Even if an agent compromises its capability token, the RBAC layer independently blocks access to security-critical resources. The vault (AitherSecrets), identity system, and shell execution are denied at the role level — no token can grant what the role forbids.

Layer 5: The Badge System — Clearance Levels for Agents

Inspired by physical security clearances, every agent carries a badge with a numeric clearance level:

Level	Name	What It Unlocks
1	OBSERVER	Read-only, non-sensitive services
2	OPERATOR	Can invoke service actions within scope
3	SPECIALIST	Access to security-sensitive services
4	GUARDIAN	Full defensive access (Sentry, Inspector)
5	SOVEREIGN	Unrestricted — admin-only issuance, requires purpose statement

Badges carry scopes, rate limits, allowed/denied service lists, expiry timestamps, and violation counters. Every badge verification is forwarded to AitherSentry for behavioral anomaly detection.

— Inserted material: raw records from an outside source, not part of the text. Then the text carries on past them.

(* Let $(X,d)$ be a metric space. Then $X$ is complete if and only if $(F_{USCG}(X),H_{\rm end})$ is complete.
   Context: A fuzzy set on $X$ is a function $u:X\to[0,1]$, with $\alpha$-cuts $[u]_\alpha=\{x: u(x)\ge\alpha\}$ for $\alpha\in(0,1]$ and $[u]_0=\overline{\{u>0\}}$. $F_{USC}(X)$ is the set of fuzzy sets with all $\alpha$-cuts ($\alpha\in[0,1]$) non-empty and closed; $F_{USCG}(X)=\{u\in F_{USC}(X): [u]_\alpha\text{ compact for all }\alpha\in(0,1]\}$. $X\times[0,1]$ is metrized by $\overline{d}((x,\alpha),(y,\beta))=d(x,y)+|\alpha-\beta|$; ${\rm end}\,u=\{(x,t)\in X\times[0,1]: u(x)\ge t\}$; $H_{\rm end}(u,v)=H({\rm end}\,u,{\rm end}\,v)$ where $H$ is the Hausdorff distance $H(A,B)=\max\{\sup_{a\in A}\inf_{b\in B}\overline{d}(a,b),\sup_{b\in B}\inf_{a\in A}\overline{d}(a,b)\}$. *)

From HB Require Import structures.
From mathcomp Require Import all_boot all_order all_algebra.
From mathcomp Require Import all_classical all_reals all_analysis.
Set Implicit Arguments. Unset Strict Implicit. Unset Printing Implicit Defensive.
Import Order.TTheory GRing.Theory Num.Theory.
Import numFieldNormedType.Exports.
Local Open Scope classical_set_scope.
Local Open Scope ring_scope.

Section Fuzzy.
Context {R : realType} {X : metricType R}.

Definition d : X -> X -> R := @mdist R X.

(* alpha-cuts of a fuzzy set u : X -> [0,1] (values in R, range checked in FUSC) *)
Definition cut (u : X -> R) (a : R) : set X :=
  if a == 0 then closure [set x | 0 < u x] else [set x | a <= u x].

Definition FUSC : set (X -> R) :=
  [set u | (forall x, 0 <= u x <= 1) /\
           (forall a, 0 <= a <= 1 -> cut u a !=set0 /\ closed (cut u a))].

Definition FUSCG : set (X -> R) :=
  [set u | FUSC u /\ (forall a, 0 < a <= 1 -> compact (cut u a))].

Definition dbar (p q : X * R) : R := d p.1 q.1 + `|p.2 - q.2|.

Definition endo (u : X -> R) : set (X * R) :=
  [set p | 0 <= p.2 <= 1 /\ p.2 <= u p.1].

End Fuzzy.

Definition hausdorff {R : realType} {T : Type} (D : T -> T -> R)
  (A B : set T) : R :=
  Num.max (sup [set inf [set D a b | b in B] | a in A])
          (sup [set inf [set D a b | a in A] | b in B]).

Definition Hend {R : realType} {X : metricType R} (u v : X -> R) : R :=
  hausdorff (@dbar R X) (endo u) (endo v).

Definition seq_complete {R : realType} {T : Type} (S : set T)
  (D : T -> T -> R) : Prop :=
  forall u : nat -> T, (forall n, S (u n)) ->
  (forall e : R, 0 < e -> exists N : nat, forall m n : nat,
       (N <= m)%N -> (N <= n)%N -> D (u m) (u n) < e) ->
  exists l : T, S l /\
    (forall e : R, 0 < e -> exists N : nat, forall n : nat,
       (N <= n)%N -> D (u n) l < e).

From Pilot Require Import Defs.
From HB Require Import structures.
From mathcomp Require Import all_boot all_order all_algebra.
From mathcomp Require Import all_classical all_reals all_analysis.
From mathcomp Require Import ring lra zify.
Set Implicit Arguments. Unset Strict Implicit. Unset Printing Implicit Defensive.
Import Order.TTheory GRing.Theory Num.Theory.
Import numFieldNormedType.Exports.
Local Open Scope classical_set_scope.
Local Open Scope ring_scope.

(* Crisp points, the indicators [crisp x] of singletons, lie in F_USCG(X) with
   H_end(crisp x, crisp y) <= d(x, y), and if crisp x_n tends to u in F_USCG(X)
   then x_n tends to any y with u(y) = 1; so completeness of F_USCG(X) gives
   completeness of X.

   Conversely, let (u_n) be H_end-Cauchy and let G be the upper limit of the
   endographs in X * [0,1], i.e. the points that are arbitrarily close to
   end u_n for infinitely many n.  G is closed, contains X * {0} and is closed
   downwards in the level, so it is the endograph of u(x) = sup {t | (x,t) in G}.
   By the Cauchy property, points of G are close to end u_n for large n;
   conversely, every point of end u_n is close to G, because a chain P_k in
   end u_(n_k) with steps at most c / 2^(k+1) has first coordinates converging
   in the complete space X.  Hence H_end(u_n, u) -> 0.  Each cut {u >= a},
   a > 0, is closed and lies within any delta of the compact cut
   {u_N >= a - delta} for N large, hence is compact since X is complete.
   Finally, points where u >= 1 - 2^-k cluster in the compact cut {u >= 1/2},
   and the cluster point lies in the 1-cut. *)

Section Excess.
Context {R : realType} {T : Type} (D : T -> T -> R).
Hypothesis D_ge0 : forall a b, 0 <= D a b.

Definition excess (A B : set T) : R := sup [set inf [set D a b | b in B] | a in A].

Lemma inf_dist_le (B : set T) a b : B b -> inf [set D a b | b in B] <= D a b.
Proof. by move=> Bb; apply: ge_inf; [exists 0 => _ [c _ <-]|exists b]. Qed.

(* [sup] is 0 on sets that are not bounded above; the bound [M] rules this
   junk value out. *)
Lemma excess_lt_near (A B : set T) M e :
  (forall a, A a -> exists2 b, B b & D a b <= M) ->
  excess A B < e -> forall a, A a -> exists2 b, B b & D a b < e.
Proof.
move=> AB ABe a Aa; have [b0 Bb0 _] := AB a Aa.
have /inf_lt[|_ [b Bb <-] Dab] : inf [set D a b | b in B] < e.
- apply: le_lt_trans ABe; apply: sup_upper_bound; last by exists a.
  split; first by exists (inf [set D a b | b in B]), a.
  exists M => _ [a' Aa' <-]; have [b Bb Dab] := AB a' Aa'.
  exact: le_trans (inf_dist_le _ Bb) Dab.
- by exists (D a b0), b0.
- by exists b.
Qed.

Lemma excess_le (A B : set T) e : 0 <= e ->
  (forall a, A a -> exists2 b, B b & D a b <= e) -> excess A B <= e.
Proof.
move=> e0 AB; have [->|/set0P[a Aa]] := eqVneq A set0.
  by rewrite /excess image_set0 sup0.
apply: ge_sup; first by exists (inf [set D a b | b in B]), a.
move=> _ [a' Aa' <-]; have [b Bb Dab] := AB a' Aa'.
exact: le_trans (inf_dist_le _ Bb) Dab.
Qed.

End Excess.

Section Endograph.
Context {R : realType} {X : metricType R}.
Implicit Types (x y z : X) (p q r : X * R) (u v : X -> R).

Lemma d_sym x y : d x y = d y x. Proof. exact: metric_sym. Qed.
Lemma d_triangle x y z : d x z <= d x y + d y z. Proof. exact: metric_triangle. Qed.
Lemma d_ge0 x y : 0 <= d x y. Proof. exact: mdist_ge0. Qed.
Lemma dxx x : d x x = 0. Proof. exact: mdistxx. Qed.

If an agent starts accessing services outside its normal pattern, Sentry can auto-revoke the badge in real-time. No human in the loop required.

Layer 6: Ed25519 Inter-Service Signing with Replay Protection

Every HTTP request between AitherOS services is signed with Ed25519:

signature = Ed25519.sign(
    method | path | timestamp | nonce | sha256(body)
)

Headers on every request:

X-Aither-Service — who's calling
X-Aither-Timestamp — when (±300s tolerance)
X-Aither-Nonce — unique per request (tracked in 50K-entry LRU)
X-Aither-Signature — Ed25519 signature over all of the above

In production mode (enforce), unsigned or invalid requests are rejected. Period. A stolen proxy token from a shared filesystem can't forge Ed25519 signatures because the private key never touches the filesystem — it's derived from the service identity in AitherSecrets.

Layer 7: Data Passports — Stamps Before Crossing Boundaries

Data doesn't just flow between services — it collects stamps from validation services before it's allowed to cross trust boundaries.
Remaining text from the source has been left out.